Left Tackle: Jim Sweeney
Left Guard: Mike Haight
Center: Dave Cadigan
Right Guard: Jeff Criswell
Right Tackle: Brett Miller

This unit personifies the Jets perfectly. No standout names, no names that are easy to make fun of. They are just there because the Jets need five guys on the line, kind of like the Jets are there because the NFL needs five teams in the AFC East. All they do is exist and when push comes to shove, I guess there are worse existences than that.

At least they don't play for the Colts.

Defensive Line:

This group of guys is the front line of what is a pretty good Tecmo defense. Jeff Lageman is the right end and he's not too shabby. I certainly would never recommend picking him, but he's not going to lose a game for you and in a division that includes the Bills, you need all the guys like that that you can get.

Scott Mersereau is the nose tackle and when he's not paralyzing teammates, he's sacking the quarterback. Lurching is definitely in play with Scott, so use him to your advantage when necessary.

Ron Stallworth is as plain Jane as his name would indicate and with the other big names on the Jets defense, you'd have to be demented or very, very drunk to choose Ron as your defender.

Linebackers:

Normally I highlight the stars of the corps first, but in this case, we're saving the best for last. Joe Mott and Joe Kelly are the outside linebackers and they are comparable to a couple of traffic pylons, except with worse pass rushing skills.


Byrd in a previous life.
Kyle Clifton plays a decent inside linebacker position, but let's not pretend like anybody EVER chooses him.

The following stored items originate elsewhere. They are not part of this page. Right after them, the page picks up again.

Lemma clear_denominators n (X : mpoly K n) :
  exists2 d : A, d != 0 & exists g, mconst n (tofrac d) * X = mfrac n g.
Proof.
elim: n X => [|n IH] X; first exact: frac_clear.
elim/poly_ind: X => [|Y c [d1 d10 [g1 h1]]].
  by exists 1; rewrite ?oner_eq0 //; exists 0; rewrite mulr0 rmorph0.
case: (IH c) => d2 d20 [g2 h2].
exists (d1 * d2); first by rewrite mulf_neq0.
exists ((mconst n d2)%:P * g1 * 'X + (mconst n d1 * g2)%:P).
rewrite /= in h1 |- *.
rewrite rmorphD !rmorphM /= map_polyX !map_polyC /= !mfrac_mconst -h1 -h2.
rewrite mconstM !polyCM.
ring.
Qed.
End FractionField.

(* Dividing by a prime lowers the
   count, which makes it a termination measure for the descent below. *)
Section Factorisation.
Variable A : idomainType.
Hypothesis HUFD : UFD A.

Definition factor_count (a : A) (k : nat) : Prop :=
  exists s : seq A, size s = k /\ (forall x, x \in s -> irreducible_elt x) /\
    exists2 u, u \is a GRing.unit & a = u * \prod_(x <- s) x.

Lemma factor_count_exists (a : A) : a != 0 -> exists k, factor_count a k.
Proof.
move=> a0; have [au|anu] := boolP (a \is a GRing.unit).
  by exists 0%N, [::]; split=> //; split=> //; exists a; rewrite ?big_nil ?mulr1.
case: (proj1 HUFD a a0 anu) => s [hs ->].
by exists (size s), s; split=> //; split=> //; exists 1; rewrite ?unitr1 ?mul1r.
Qed.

No, friends, the heart and soul of the defense lies with Lazarus himself, Dennis Byrd. Even before his "I can walk, I can't walk, I can walk again" saga gripped the nation, savvy Tecmophiles the world over were already discovering that Dennis was one tough motherfucker. I mean sure, the comeback from life-altering paralysis helped to solidify his toughness, but the fact that he could chase down QB Eagles in the pocket and record sacks was enough to convince me that he was Samson without the follicle and female problems.

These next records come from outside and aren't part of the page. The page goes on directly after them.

Definition is_dist (X : finType) (p : X -> R) : Prop :=
  (forall x, 0 <= p x) /\ \sum_x p x = 1.

Definition tkernel := S -> A1 -> A2 -> S -> R.

Definition is_kernel (th : tkernel) : Prop :=
  forall s a1 a2, is_dist (th s a1 a2).

Definition stat_pol1 (p : S -> A1 -> R) : Prop := forall s, is_dist (p s).
Definition stat_pol2 (q : S -> A2 -> R) : Prop := forall s, is_dist (q s).

Definition payoff (G : A1 -> A2 -> R) (p : A1 -> R) (q : A2 -> R) : R :=
  \sum_a1 \sum_a2 p a1 * G a1 a2 * q a2.

Definition val (G : A1 -> A2 -> R) : R :=
  sup [set inf [set payoff G p q | q in [set q | is_dist q]]
      | p in [set p | is_dist p]].

Definition is_maximin (G : A1 -> A2 -> R) (p : A1 -> R) : Prop :=
  is_dist p /\ inf [set payoff G p q | q in [set q | is_dist q]] = val G.

Definition bgame (r : S -> A1 -> A2 -> R) (th : tkernel) (v : S -> R) (s : S)
  : A1 -> A2 -> R :=
  fun a1 a2 => r s a1 a2 + \sum_s' th s a1 a2 s' * v s'.

Definition bellman (r : S -> A1 -> A2 -> R) (th : tkernel) (J : R) (v : S -> R)
  : Prop :=
  forall s, J + v s = val (bgame r th v s).

(* the optimal average value J(theta) (unique solution when it exists) *)
Definition Jopt (r : S -> A1 -> A2 -> R) (th : tkernel) : R :=
  xget 0 [set J | exists v, bellman r th J v].

(* probability of not having hit s' within the first n steps, from s,
   for the Markov chain induced by stationary policies p, q *)
Fixpoint nothit (th : tkernel) (p : S -> A1 -> R) (q : S -> A2 -> R)
  (s' : S) (n : nat) (s : S) : R :=
  match n with
  | 0 => (s != s')%:R
  | n.+1 => (s != s')%:R *
      \sum_s'' (\sum_a1 \sum_a2 p s a1 * q s a2 * th s a1 a2 s'')
               * nothit th p q s' n s''
  end.

(* expected hitting time T^{(p,q)}_{s -> s'} = sum_{n>=0} P(tau > n) *)
Definition hitting_time (th : tkernel) (p : S -> A1 -> R) (q : S -> A2 -> R)
  (s s' : S) : \bar R :=
  (\sum_(0 <= n <oo) (nothit th p q s' n s)%:E)%E.

Definition finite_diameter (th : tkernel) (D : R) : Prop :=
  forall s s',
   (ereal_sup [set ereal_inf [set hitting_time th p q s s' | p in stat_pol1]
                 | q in stat_pol2] <= D%:E)%E.

Definition Omega (r : S -> A1 -> A2 -> R) (D H : R) (th : tkernel) : Prop :=
  is_kernel th /\ finite_diameter th D /\
  exists J v, bellman r th J v /\
    forall s s', v s - v s' <= H.
End Game.

Section PSRL.
Context {R : realType} {d : measure_display} {Theta : measurableType d}
  {S A1 A2 : finType}.
Variables (mu1 : probability Theta R)
  (P : Theta -> @tkernel R S A1 A2)
  (pol : Theta -> S -> A1 -> R)              (* maximin stationary policy of theta *)
  (pi2 : seq (S * (A1 * A2)) -> S -> A2 -> R). (* opponent's HR policy *)

(* A history h_t = (s_1,a_1,...,s_{t-1},a_{t-1},s_t) is represented by the
   chronological list h = [:: (s_1,a_1); ...; (s_{t-1},a_{t-1})] and s = s_t;
   thus t = size h + 1. *)

(* likelihood prod_{tau < t} theta(s_{tau+1} | s_tau, a_tau) *)
Fixpoint lik (th : Theta) (h : seq (S * (A1 * A2))) (s : S) : R :=
  match h with
  | [::] => 1
  | (x, a) :: h' => P th x a.1 a.2 (head s (map fst h')) * lik th h' s
  end.

Definition post_exp (h : seq (S * (A1 * A2))) (s : S) (F : Theta -> R) : R :=
  (\int[mu1]_(th in setT) (lik th h s * F th)) /
  (\int[mu1]_(th in setT) lik th h s).
(* Assume (H1), $\lim_{x\to\infty}q(x)=\infty$, and $$\lim_{z\to\infty}\frac{q'(z)}{q(z)}\sqrt{M(z)}=0.$$ Then (i) $\lim_{z\to\infty}q(z)\sqrt{M(z)}=\infty$; (ii) (H2) holds; (iii) $\lim_{z\to\infty}\mathfrak m'(z)/\sqrt{\mathfrak m(z)}=0$.
   Context: Let $q\in C^1([0,\infty))$ and $\gamma(y)=2\int_0^yq$. (H1): $\int_0^\infty e^{\gamma(y)}\int_y^\infty e^{-\gamma(\xi)}d\xi\,dy<\infty$. (H2): $\lim_{x\to\infty}q(x)=\infty$ and $\lim_{x\to\infty}q'(x)/q(x)^2=0$. $M(z)=\int_z^\infty dy/q(y)$ (assumed finite for large $z$ as part of the hypothesis). $\mathfrak m(z)=2\int_z^\infty e^{\gamma(y)}\int_y^\infty e^{-\gamma(\xi)}d\xi\,dy$. *)

From Stdlib Require Import Reals Lra ClassicalEpsilon.
Open Scope R_scope.

Definition is_RInt (f : R -> R) (a b v : R) : Prop :=
  exists pr : Riemann_integrable f a b, RiemannInt pr = v.

(* The Riemann integral of f over [a,b] (meaningful when it exists). *)
Definition RInt (f : R -> R) (a b : R) : R :=
  epsilon (inhabits 0) (fun v => is_RInt f a b v).

Definition improper_conv (f : R -> R) (a l : R) : Prop :=
  (forall b, a <= b -> exists v, is_RInt f a b v) /\
  (forall eps, 0 < eps -> exists B, forall b v, B < b -> is_RInt f a b v ->
      Rabs (v - l) < eps).

(* The value of int_a^infty f (meaningful when it converges). *)
Definition Iinf (f : R -> R) (a : R) : R :=
  epsilon (inhabits 0) (fun l => improper_conv f a l).

Definition lim_infty (f : R -> R) (l : R) : Prop :=
  forall eps, 0 < eps -> exists B, forall x, B < x -> Rabs (f x - l) < eps.

Definition tends_infty (f : R -> R) : Prop :=
  forall A, exists B, forall x, B < x -> A < f x.

Definition gam (q : R -> R) (y : R) : R := 2 * RInt q 0 y.

Definition inner (q : R -> R) (y : R) : R :=
  Iinf (fun xi => exp (- gam q xi)) y.

Definition H1 (q : R -> R) : Prop :=
  (forall y, 0 <= y -> exists l, improper_conv (fun xi => exp (- gam q xi)) y l) /\
  (exists L, improper_conv (fun y => exp (gam q y) * inner q y) 0 L).

(* (H2), with dq the derivative q' *)
Definition H2 (q dq : R -> R) : Prop :=
  tends_infty q /\ lim_infty (fun x => dq x / (q x) ^ 2) 0.

Definition Mfun (q : R -> R) (z : R) : R := Iinf (fun y => / q y) z.

Definition mfrak (q : R -> R) (z : R) : R :=
  2 * Iinf (fun y => exp (gam q y) * inner q y) z.

(* With P = q^2 M one has P' = q (2 (q sqrt M) (q'/q sqrt M) - 1): while P stays
   below a bound A, the hypothesis makes the bracket close to -1, so P decreases at
   rate about q/2; since P >= 0 this cannot go on, hence P -> oo, which is (i).  Then
   q'/q^2 = (q'/q sqrt M) / (q sqrt M) -> 0 gives (ii).  For (iii), with
   I = int_y^oo e^-gamma and G = e^-gamma / (2 q), one has
   G' = -e^-gamma (1 + q'/(2 q^2)); once |q'/q^2| <= 1 the functions I - 2G/3 and
   2G - I are nonincreasing with limit 0, so 1/(3q) <= e^gamma I <= 1/q.  Therefore
   m >= 2M/3, m' = -2 e^gamma I, and |m'| / sqrt m <= 3 / (q sqrt M) -> 0 by (i). *)

From Coquelicot Require Import Coquelicot.
From Pilot Require Import Defs.
From Stdlib Require Import Reals Lra ClassicalEpsilon.
Open Scope R_scope.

Plainly put, if you are the Jets and you don't pick Byrd on defense, you are a damned idiot.

Defensive Backs:

Having to describe the Jets secondary after waxing poetic about Dennis Byrd is like having to write a dissertation on Easy Mac after eating a steak. Erik McMillan is very good, James Hasty is decent, and Tony Stargell and Brian Washington pretty much suck, but really I just don't have the passion to write about them. If you want to learn more, play a game with the Jets and watch them, but again, if you pick anyone other than Byrd, you need to turn in your copy of Tecmo and find an NES Playaction Football cartridge as soon as possible.

Kicker:

Pat Leahy. He's a kicker. Pretty good, no complaints. I'm still on my Dennis Byrd hangover. Rock on, Pat.

Punter:

If I couldn't find anything to write about concerning the placekicker, do you honestly think I have anything relevant to say about Jeff Prokop?

Play Book:

This is a solid playbook no matter how you slice it. They have FB Offtackle L (Upper middle left) and PWR Fake Z Post (Lower middle left) the best run/PA pass combo on the game. The other running plays are very solid as well, with T Fake Sweep R (Upper Left) being very hard for the computer to defend and Pitch L Open (Upper Middle Right) being very hard for humans to defend.

The passing plays are all usable with Eason in, but if O.Brien is under center, you could just as well all run to the sideline or have everyone play duck-duck-goose on the line of scrimmage because it's not going to make a damn bit of difference.



Neil's Take:

The Jets are the second most blase team on the game. It's incredibly hard to get excited about them, but the more you look into it, the better they seem as an option. Eason is an acceptable quarterback, their running game is awesome, you get to throw passes to a guy named "Al Toon" for God's sake, and on defense, Dennis Byrd is an ADD-ravaged hitman on speed.

So in conclusion, they still really, really blow compared to the Giants.